Hello, junior kindergarten: As his son Miles begins school, Jon Willing enters a new scheduling nightmare
The first year of school — and possibly the ensuing 13 — requires a proper hardcopy calendar.
That was the first lesson for our household as Miles prepared to start junior kindergarten in September.
Sure, the transition from preschool to big school can be jarring for a four-year-old who, in our case, has spent the last three years with friendly, familiar faces and a rarely changed routine, even during the COVID-19 pandemic.
The daily cycle suddenly blows up; the midday naps disappear and there’s a whole bunch of new kids and teachers.
For parents of new JKers, it’s a new world order.
In our pre-JK household, Miles had somewhere to be almost each day of the year between our working hours.
The new reality meant there were a couple of hours at the end of each school day that needed attention, and sorted out way before the school year actually started.
The hustle to secure after-school care was just the warmup for the scheduling olympics. Nicole and I sat at the dining room table on an afternoon this past July sorting out vacation requests for August — that is, August 2023.

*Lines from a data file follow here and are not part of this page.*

Section QuadraticForms.
Context {R : realType}.

Definition qform m (W : 'M[R]_m) (a b : 'rV[R]_m) : R := (a *m W *m b^T) 0 0.

Lemma qformC m (W : 'M[R]_m) a b : W^T = W -> qform W b a = qform W a b.
Proof.
move=> Wsym; rewrite /qform.
have -> : (b *m W *m a^T) 0 0 = ((b *m W *m a^T)^T) 0 0 by rewrite [in RHS]mxE.
by rewrite !trmx_mul trmxK Wsym mulmxA.
Qed.

Lemma qform_ge0 m (W : 'M[R]_m) v : sym_nonneg W -> 0 <= qform W v v.
Proof. by case=> _ /(_ v^T); rewrite trmxK. Qed.

Lemma qform_shift m (W : 'M[R]_m) a b (c : R) : W^T = W ->
  qform W (a + c *: b) (a + c *: b) = qform W a a + 2 * c * qform W a b + c ^+ 2 * qform W b b.
Proof.
move=> Wsym; have := qformC a b Wsym; rewrite /qform linearD linearZ /=.
rewrite !(mulmxDl, mulmxDr) -!scalemxAl -!scalemxAr !mxE => ->; ring.
Qed.

Lemma qform_young m (W : 'M[R]_m) a b (tau : R) : sym_nonneg W -> 0 < tau ->
  2 * `|qform W a b| <= qform W a a / tau + tau * qform W b b.
Proof.
move=> Wnn tau0; have Wsym := Wnn.1.
have := qform_ge0 (a + tau *: b) Wnn; rewrite qform_shift // => hplus.
have := qform_ge0 (a + (- tau) *: b) Wnn; rewrite qform_shift // => hminus.
have -> : qform W a a / tau + tau * qform W b b =
    (qform W a a + tau * (tau * qform W b b)) / tau by field; rewrite gt_eqF.
rewrite ler_pdivlMr //.
by have [ab0|ab0] := leP 0 (qform W a b); [rewrite ger0_norm|rewrite ltr0_norm]; nra.
Qed.

Lemma normr_qform_le m (W : 'M[R]_m) a b :
  `|qform W a b| <= mxnorm1 a * mxnorm1 W * mxnorm1 b.
Proof.
apply: le_trans (entry_le_mxnorm1 _ _ _) _.
by apply: mxnorm1M3_le => //; rewrite mxnorm1_tr.
Qed.

Lemma mulmx_tr_entry d m (X Y : 'M[R]_(d, m)) (W : 'M[R]_m) k l :
  (X *m W *m Y^T) k l = qform W (row k X) (row l Y).
Proof.
rewrite /qform -row_mul tr_row !mxE; apply: eq_bigr => j _; rewrite !mxE.
by congr (_ * _); rewrite !mxE.
Qed.

Lemma invmx_sym_nonneg m (Rw : 'M[R]_m) : sym_posdef Rw -> sym_nonneg (invmx Rw).
Proof.
case=> Rsym Rpos; have Wsym : (invmx Rw)^T = invmx Rw by rewrite trmx_inv Rsym.
(* [invmx Rw] is [Rw] itself when [Rw] is singular. *)
split=> // v; case: (boolP (Rw \in unitmx)) => [Ru|Rnu]; last first.
  rewrite /invmx (negbTE Rnu); have [->|v0] := eqVneq v 0; last exact: ltW (Rpos v v0).
  by rewrite mulmx0 mxE.
pose y := invmx Rw *m v.
have -> : v^T *m invmx Rw *m v = y^T *m Rw *m y.
  by rewrite /y trmx_mul Wsym -!mulmxA (mulmxA Rw) mulmxV // mul1mx.
have [->|y0] := eqVneq y 0; last exact: ltW (Rpos y y0).
by rewrite mulmx0 mxE.
Qed.

Lemma entry_sandwich_perturbation_le d m (W : 'M[R]_m) (X G : 'M[R]_(d, m)) (C tau g : R) k l :
  sym_nonneg W -> 0 < tau -> (forall l, (X *m W *m X^T) l l <= C) -> mxnorm1 G <= g ->
  `|((X + G) *m W *m (X + G)^T - X *m W *m X^T) k l|
    <= mxnorm1 W * g ^+ 2 / tau + tau * C + mxnorm1 W * g ^+ 2.
Proof.
move=> Wnn tau0 XC Gg.
have rowG i : mxnorm1 (row i G) <= g := le_trans (mxnorm1_row _ _) Gg.
have GG i j : `|qform W (row i G) (row j G)| <= mxnorm1 W * g ^+ 2.
  apply: le_trans (normr_qform_le _ _ _) _; rewrite expr2 mulrCA mulrA.
  apply: ler_pM; rewrite ?mulr_ge0 ?mxnorm1_ge0 //.
  by apply: ler_pM; rewrite ?mxnorm1_ge0.
have GX i j : `|qform W (row i G) (row j X)| <= (mxnorm1 W * g ^+ 2 / tau + tau * C) / 2.
  have := qform_young (row i G) (row j X) Wnn tau0.
  have := XC j; rewrite mulmx_tr_entry => XCj.
  have := le_trans (ler_norm _) (GG i i) => GGi.
  have : qform W (row i G) (row i G) / tau <= mxnorm1 W * g ^+ 2 / tau.
    by rewrite ler_pM2r ?invr_gt0.
  have : tau * qform W (row j X) (row j X) <= tau * C by rewrite ler_pM2l.
  lra.
have -> : (X + G) *m W *m (X + G)^T - X *m W *m X^T =
    X *m W *m G^T + G *m W *m X^T + G *m W *m G^T.
  by rewrite linearD /= !mulmxDl !mulmxDr addrAC [X *m W *m X^T + _]addrC addrK addrA.
have addE (A B : 'M[R]_d) : (A + B) k l = A k l + B k l by rewrite mxE.
rewrite !addE !mulmx_tr_entry qformC ?Wnn.1 //.
apply: le_trans (ler_normD _ _) _; apply: lerD (GG k l).
apply: le_trans (ler_normD _ _) _; have := GX l k; have := GX k l; lra.
Qed.

Lemma sandwich_perturbation_small d m (W : 'M[R]_m) (C e : R) : sym_nonneg W -> 0 < e ->
  exists2 g, 0 < g & forall X G : 'M[R]_(d, m), (forall l, (X *m W *m X^T) l l <= C) ->
    mxnorm1 G <= g -> mxnorm1 ((X + G) *m W *m (X + G)^T - X *m W *m X^T) <= e.
Proof.
move=> Wnn e0; set N : R := (d * d)%:R; have N0 : 0 <= N by rewrite ler0n.
set tau := e / (2 * (N * (`|C| + 1) + 1)).
have tau0 : 0 < tau by rewrite divr_gt0 // mulr_gt0 // ltr_pwDr // mulr_ge0 // addr_ge0.
have tauC : tau * (N * C) <= e / 2.
  have NC : N * C <= N * (`|C| + 1) + 1.
    have : N * C <= N * (`|C| + 1) by apply: ler_wpM2l => //; have := ler_norm C; lra.
    lra.
  rewrite /tau mulrAC ler_pdivrMr ?mulr_gt0 ?ltr_pwDr ?mulr_ge0 ?addr_ge0 //.
  have -> : e / 2 * (2 * (N * (`|C| + 1) + 1)) = e * (N * (`|C| + 1) + 1) by field.
  by rewrite ler_pM2l.
set K := mxnorm1 W * (tau^-1 + 1) * N.
have K0 : 0 <= K by rewrite !mulr_ge0 ?mxnorm1_ge0 // addr_ge0 // invr_ge0 ltW.
set g := Num.min 1 (e / (2 * (K + 1))).
have g0 : 0 < g by rewrite lt_min ltr01 /= divr_gt0 // mulr_gt0 // ltr_pwDr.
have gK : g ^+ 2 * K <= e / 2.
  have g1 : g <= 1 by rewrite ge_min lexx.
  have ge : g <= e / (2 * (K + 1)) by rewrite ge_min lexx orbT.
  have : g * K <= e / 2.
    move: ge; rewrite ler_pdivlMr ?mulr_gt0 ?ltr_pwDr // => ge.
    rewrite ler_pdivlMr //; nra.
  by rewrite expr2; nra.
exists g => // X G XC Gg.
set bound := mxnorm1 W * g ^+ 2 / tau + tau * C + mxnorm1 W * g ^+ 2.
apply: (@le_trans _ _ (\sum_(k < d) \sum_(l < d) bound)).
  by apply: ler_sum => k _; apply: ler_sum => l _; exact: entry_sandwich_perturbation_le.
rewrite !sumr_const !card_ord -mulrnA -/N -mulr_natr.
have -> : bound * N = g ^+ 2 * K + tau * (N * C).
  by rewrite /bound /K; field; rewrite gt_eqF.
lra.
Qed.

End QuadraticForms.

Section InputOperator.
Context {R : realType}.

Lemma entry_le_eucl k (w : 'cV[R]_k) i : `|w i 0| <= eucl w.
Proof.
rewrite /eucl -sqrtr_sqr ler_sqrt; last by apply: sumr_ge0 => j _; exact: sqr_ge0.
by rewrite (bigD1 i) //= lerDl; apply: sumr_ge0 => j _; exact: sqr_ge0.
Qed.

Lemma eucl_le_mxnorm1 k (w : 'cV[R]_k) : eucl w <= mxnorm1 w.
Proof.
have -> : mxnorm1 w = \sum_i `|w i 0| by apply: eq_bigr => i _; rewrite big_ord1.
rewrite /eucl -[X in _ <= X]ger0_norm ?sumr_ge0 // -sqrtr_sqr ler_sqrt ?sqr_ge0 //.
under eq_bigr do rewrite -real_normK ?num_real //.
rewrite expr2 mulr_suml; apply: ler_sum => i _; rewrite expr2 ler_wpM2l //.
by rewrite (bigD1 i) //= lerDl; exact: sumr_ge0.
Qed.

Variables (d n ma : nat) (B : 'I_ma -> 'cV[R]_2 -> R -> 'cV[R]_d) (M : 'I_ma -> 'M[R]_(2, n)).
Variables (lN : R -> R) (tf : R).
Hypotheses (lN_cont : {within `[0, +oo[, continuous lN}) (lN0 : lN 0 = 0).
Hypothesis B_modulus : forall (i : 'I_ma) (t : R) (x y : 'cV[R]_2), 0 <= t <= tf ->
  eucl (B i x t - B i y t) <= lN (eucl (x - y)).

Lemma BN_along_close (xi : R -> 'cV[R]_n) g : 0 < g ->
  exists2 dl, 0 < dl & forall eta : R -> 'cV[R]_n,
    (forall t, 0 <= t <= tf -> `|xi t - eta t| < dl) ->
    forall t, 0 <= t <= tf -> mxnorm1 (BN_along B M eta t - BN_along B M xi t) <= g.
Proof.
move=> g0; set gp := g / ((d * ma)%:R + 1).
have gp0 : 0 < gp by rewrite divr_gt0 // ltr_pwDr // ler0n.
have [rho rho0 Hrho] : exists2 rho, 0 < rho & forall r, 0 <= r < rho -> lN r < gp.
  have in0 : `[0, +oo[%classic (0 : R) by rewrite /= in_itv /= lexx.
  have [rho rho0 H] := (within_continuousP _ _).1 lN_cont 0 in0 _ gp0.
  exists rho => // r /andP[r0 rrho]; have := H r (ltac:(by rewrite /= in_itv /= r0)).
  rewrite lN0 !sub0r !normrN ger0_norm // => /(_ rrho).
  exact: le_lt_trans (ler_norm _).
set Mb := \sum_i mxnorm1 (M i) + 1.
have Mb0 : 0 < Mb by rewrite ltr_pwDr // sumr_ge0 // => i _; exact: mxnorm1_ge0.
have n0 : 0 < n%:R + 1 :> R by rewrite ltr_pwDr // ler0n.
exists (rho / (Mb * (n%:R + 1))); first by rewrite divr_gt0 // mulr_gt0.
move=> eta close t tI.
have loc_close i : eucl (M i *m eta t - M i *m xi t) < rho.
  rewrite -mulmxBr; apply: le_lt_trans (eucl_le_mxnorm1 _) _.
  apply: le_lt_trans (mxnorm1M _ _) _.
  have Mi : mxnorm1 (M i) <= Mb.
    rewrite /Mb (bigD1 i) //= -addrA lerDl addr_ge0 //.
    by apply: sumr_ge0 => j _; exact: mxnorm1_ge0.
  have v_le : mxnorm1 (eta t - xi t) <= (n%:R + 1) * `|eta t - xi t|.
    apply: le_trans (mxnorm1_le_mx_norm _) _; rewrite muln1 -[`|_| *+ n]mulr_natl.
    by apply: ler_wpM2r => //; rewrite lerDl.
  apply: le_lt_trans (ler_pM (mxnorm1_ge0 _) (mxnorm1_ge0 _) Mi v_le) _.
  rewrite mulrA -ltr_pdivlMl ?mulr_gt0 // mulrC distrC; exact: close.
have entry k i : `|(BN_along B M eta t - BN_along B M xi t) k i| <= gp.
  rewrite !mxE; have := entry_le_eucl (B i (M i *m eta t) t - B i (M i *m xi t) t) k.
  rewrite !mxE => /le_trans; apply; apply: le_trans (B_modulus _ _ _ tI) _.
  by apply: ltW; apply: Hrho; rewrite /eucl sqrtr_ge0 loc_close.
apply: (@le_trans _ _ (\sum_(k < d) \sum_(i < ma) gp)).
  by apply: ler_sum => k _; apply: ler_sum => i _.
rewrite !sumr_const !card_ord -mulrnA -[gp *+ _]mulr_natl /gp mulrA.
rewrite ler_pdivrMr ?ltr_pwDr ?ler0n // mulrDr mulr1 [_ * g]mulrC.
by rewrite mulnC lerDl ltW.
Qed.

Lemma BBstar_along_close (Rw : 'M[R]_ma) (xi : R -> 'cV[R]_n) (C e : R) :
  sym_posdef Rw -> 0 < e ->
  exists2 dl, 0 < dl & forall eta : R -> 'cV[R]_n,
    (forall t, 0 <= t <= tf -> `|xi t - eta t| < dl) ->
    forall t, 0 <= t <= tf -> `|BBstar_along Rw B M xi t| <= C ->
      mxnorm1 (BBstar_along Rw B M eta t - BBstar_along Rw B M xi t) <= e.
Proof.
move=> Rpd e0.
have [g g0 Hg] := sandwich_perturbation_small d C (invmx_sym_nonneg Rpd) e0.
have [dl dl0 Hdl] := BN_along_close xi g0.
exists dl => // eta close t tI BBC; rewrite /BBstar_along.
have -> : BN_along B M eta t =
    BN_along B M xi t + (BN_along B M eta t - BN_along B M xi t) by rewrite addrC subrK.
apply: Hg; last exact: Hdl.
by move=> l; apply: le_trans (ler_norm _) (le_trans (entry_le_mx_norm _ l l) BBC).
Qed.

End InputOperator.

Section RiccatiDefect.
Context {R : realType}.
Notation mu := (@lebesgue_measure R).

Lemma mx_integral_pt d (a : R) (F : R -> 'M[R]_d) : mx_integral a a F = 0.
Proof. by apply/matrixP => i j; rewrite !mxE /Rintegral set_itv1 integral_set1. Qed.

Of course, this is nothing new for families that have been in the school system for several years. But for newbies like us, it was a rude awakening.
Part of the challenge was needing to submit vacation requests before knowing anything about the status of various summer camps, which I hear is another Hunger Games-esque experience for parents desperate to find spots for their kids.
At first, we were high-fiving at the five-figure cost savings we were about to score over the year, thanks to daycare costs ending. Then we realized much of the money would be shifted to camps.
Just when we thought we had our schedules figured out, I received a hot tip at the soccer field one evening that it’s more difficult to find day camp openings at the end of August because camp staff are heading back to their post-secondary schools.
And that’s just summer. There’s the two-week Christmas break and one-week March break. Add Family Day and Easter Monday to the list if your household doesn’t get those days off.
Then there are the P.A. days.
Which brings me back to our realization about calendars. You need to see what’s coming beyond the next week, or even the next year.
It seems to me, a calendar needs to be unavoidable and right in your face every day, like taped beside a toilet, though most families stick with the fridge door.
I have visions of standing in front of 12 monthly calendars pinned to a wall, and holding a box of markers, crunching the numbers to make sure our vacation days and day camps cover the non-school days. Maybe we could convert our garage to the “calendar room.”
I suppose this is what every July will now bring. It turns out, I have fewer worries about Miles’ new school life compared to our household managing the school-less parts of the year.